Saved entries:

Lemma rayleigh_quotient_max : (0 < k)%N ->
  exists2 x0, x0 != 0 & forall x,
    mxform K x x <= mxform K x0 x0 / mxform M x0 x0 * mxform M x x.
Proof.
move=> k_gt0; pose sphere := [set u : 'rV[R]_k | `|u| = 1].
pose rayleigh u := mxform K u^T u^T / mxform M u^T u^T.
have sphere_neq0 u : sphere u -> u != 0.
  rewrite /sphere /= => u1; apply: contra_eqN u1 => /eqP ->.
  by rewrite normr0 eq_sym oner_eq0.
have normalize (u : 'rV[R]_k) : u != 0 -> sphere (`|u|^-1 *: u).
  move=> u_neq0; rewrite /sphere /= normrZ ger0_norm ?invr_ge0 //.
  by rewrite mulVf ?normr_eq0.
have sphere_set0 : sphere !=set0.
  have one_neq0 : (const_mx 1 : 'rV[R]_k) != 0.
    apply/eqP => /matrixP /(_ 0 (Ordinal k_gt0)) /eqP.
    by rewrite !mxE oner_eq0.
  by exists (`|(const_mx 1 : 'rV[R]_k)|^-1 *: const_mx 1); exact: normalize.
have sphere_compact : compact sphere.
  apply: bounded_closed_compact.
    rewrite /bounded_set /bounded_near; near=> B => u; rewrite /sphere /= => ->.
    by near: B; exact: nbhs_pinfty_ge.
  apply: (@preimage_closed _ _ (@Num.norm _ 'rV[R]_k) [set x : R | x = 1]) => [u _|].
    exact: norm_continuous.
  exact: closed_eq.
have rayleigh_cont : {within sphere, continuous rayleigh}.
  apply: continuous_in_subspaceT => u /set_mem /sphere_neq0; rewrite -trmx_eq0 => u_neq0.
  apply: (continuousM (s := fun u => mxform K u^T u^T)
                      (t := fun u => (mxform M u^T u^T)^-1)).
    exact: mxform_continuous.
  by apply: continuousV; [rewrite gt_eqF ?posdef_mxform_gt0|exact: mxform_continuous].
have [u /set_mem u_sphere u_max] :=
  compact_EVT_max sphere_set0 sphere_compact rayleigh_cont.
exists u^T => [|x]; first by rewrite trmx_eq0 sphere_neq0.
have [->|x_neq0] := eqVneq x 0; first by rewrite !mxform0l mulr0.
have xT_neq0 : x^T != 0 by rewrite trmx_eq0.
have := u_max _ (mem_set (normalize _ xT_neq0)).
rewrite /rayleigh linearZ /= trmxK !mxformZl !mxformZr !mulrA -!expr2.
rewrite -mulf_div divff ?mul1r ?expf_neq0 ?invr_eq0 ?normr_eq0 //.
by rewrite ler_pdivrMr ?posdef_mxform_gt0.
Unshelve. all: end_near.
Qed.

Hypothesis psdK : possemidef_mx K.

Lemma max_gen_eigenvalue_rayleigh : (0 < k)%N -> exists w,
  max_gen_eigenvalue K M w /\ forall x, mxform K x x <= w * mxform M x x.
Proof.
move=> /rayleigh_quotient_max [x0 x0_neq0 x0_max].
set w := _ / _ in x0_max; exists w; split=> //; split; last first.
  move=> w' [x [x_neq0 eigen_x]].
  have : mxform K x x = w' * mxform M x x.
    by rewrite mxformE eigen_x -scalemxAr mxE -mxformE.
  by move=> Kxx; have := x0_max x; rewrite Kxx ler_pM2r ?posdef_mxform_gt0.
have [symM _] := posM; have [symK _] := psdK.
have psdQ : possemidef_mx (w *: M - K).
  split=> [|x]; first by rewrite /sym_mx linearB /= linearZ /= symM symK.
  by rewrite -/(mxform _ x x) mxformBm mxformZm subr_ge0.
have Qx0 : mxform (w *: M - K) x0 x0 = 0.
  by rewrite mxformBm mxformZm /w divfK ?subrr // gt_eqF ?posdef_mxform_gt0.
exists x0; split=> //; apply/eqP; rewrite eq_sym -subr_eq0 scalemxAl -mulmxBl.
by rewrite (possemidef_mxform_eq0 psdQ Qx0).
Qed.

Exercise requirements
Set all of the entries down again, exactly as they were given.

Answer space
Lemma rayleigh_quotient_max : (0 < k)%N ->
  exists2 x0, x0 != 0 & forall x,
    mxform K x x <= mxform K x0 x0 / mxform M x0 x0 * mxform M x x.
Proof.
move=> k_gt0; pose sphere := [set u : 'rV[R]_k | `|u| = 1].
pose rayleigh u := mxform K u^T u^T / mxform M u^T u^T.
have sphere_neq0 u : sphere u -> u != 0.
  rewrite /sphere /= => u1; apply: contra_eqN u1 => /eqP ->.
  by rewrite normr0 eq_sym oner_eq0.
have normalize (u : 'rV[R]_k) : u != 0 -> sphere (`|u|^-1 *: u).
  move=> u_neq0; rewrite /sphere /= normrZ ger0_norm ?invr_ge0 //.
  by rewrite mulVf ?normr_eq0.
have sphere_set0 : sphere !=set0.
  have one_neq0 : (const_mx 1 : 'rV[R]_k) != 0.
    apply/eqP => /matrixP /(_ 0 (Ordinal k_gt0)) /eqP.
    by rewrite !mxE oner_eq0.
  by exists (`|(const_mx 1 : 'rV[R]_k)|^-1 *: const_mx 1); exact: normalize.
have sphere_compact : compact sphere.
  apply: bounded_closed_compact.
    rewrite /bounded_set /bounded_near; near=> B => u; rewrite /sphere /= => ->.
    by near: B; exact: nbhs_pinfty_ge.
  apply: (@preimage_closed _ _ (@Num.norm _ 'rV[R]_k) [set x : R | x = 1]) => [u _|].
    exact: norm_continuous.
  exact: closed_eq.
have rayleigh_cont : {within sphere, continuous rayleigh}.
  apply: continuous_in_subspaceT => u /set_mem /sphere_neq0; rewrite -trmx_eq0 => u_neq0.
  apply: (continuousM (s := fun u => mxform K u^T u^T)
                      (t := fun u => (mxform M u^T u^T)^-1)).
    exact: mxform_continuous.
  by apply: continuousV; [rewrite gt_eqF ?posdef_mxform_gt0|exact: mxform_continuous].
have [u /set_mem u_sphere u_max] :=
  compact_EVT_max sphere_set0 sphere_compact rayleigh_cont.
exists u^T => [|x]; first by rewrite trmx_eq0 sphere_neq0.
have [->|x_neq0] := eqVneq x 0; first by rewrite !mxform0l mulr0.
have xT_neq0 : x^T != 0 by rewrite trmx_eq0.
have := u_max _ (mem_set (normalize _ xT_neq0)).
rewrite /rayleigh linearZ /= trmxK !mxformZl !mxformZr !mulrA -!expr2.
rewrite -mulf_div divff ?mul1r ?expf_neq0 ?invr_eq0 ?normr_eq0 //.
by rewrite ler_pdivrMr ?posdef_mxform_gt0.
Unshelve. all: end_near.
Qed.

Hypothesis psdK : possemidef_mx K.

Lemma max_gen_eigenvalue_rayleigh : (0 < k)%N -> exists w,
  max_gen_eigenvalue K M w /\ forall x, mxform K x x <= w * mxform M x x.
Proof.
move=> /rayleigh_quotient_max [x0 x0_neq0 x0_max].
set w := _ / _ in x0_max; exists w; split=> //; split; last first.
  move=> w' [x [x_neq0 eigen_x]].
  have : mxform K x x = w' * mxform M x x.
    by rewrite mxformE eigen_x -scalemxAr mxE -mxformE.
  by move=> Kxx; have := x0_max x; rewrite Kxx ler_pM2r ?posdef_mxform_gt0.
have [symM _] := posM; have [symK _] := psdK.
have psdQ : possemidef_mx (w *: M - K).
  split=> [|x]; first by rewrite /sym_mx linearB /= linearZ /= symM symK.
  by rewrite -/(mxform _ x x) mxformBm mxformZm subr_ge0.
have Qx0 : mxform (w *: M - K) x0 x0 = 0.
  by rewrite mxformBm mxformZm /w divfK ?subrr // gt_eqF ?posdef_mxform_gt0.
exists x0; split=> //; apply/eqP; rewrite eq_sym -subr_eq0 scalemxAl -mulmxBl.
by rewrite (possemidef_mxform_eq0 psdQ Qx0).
Qed.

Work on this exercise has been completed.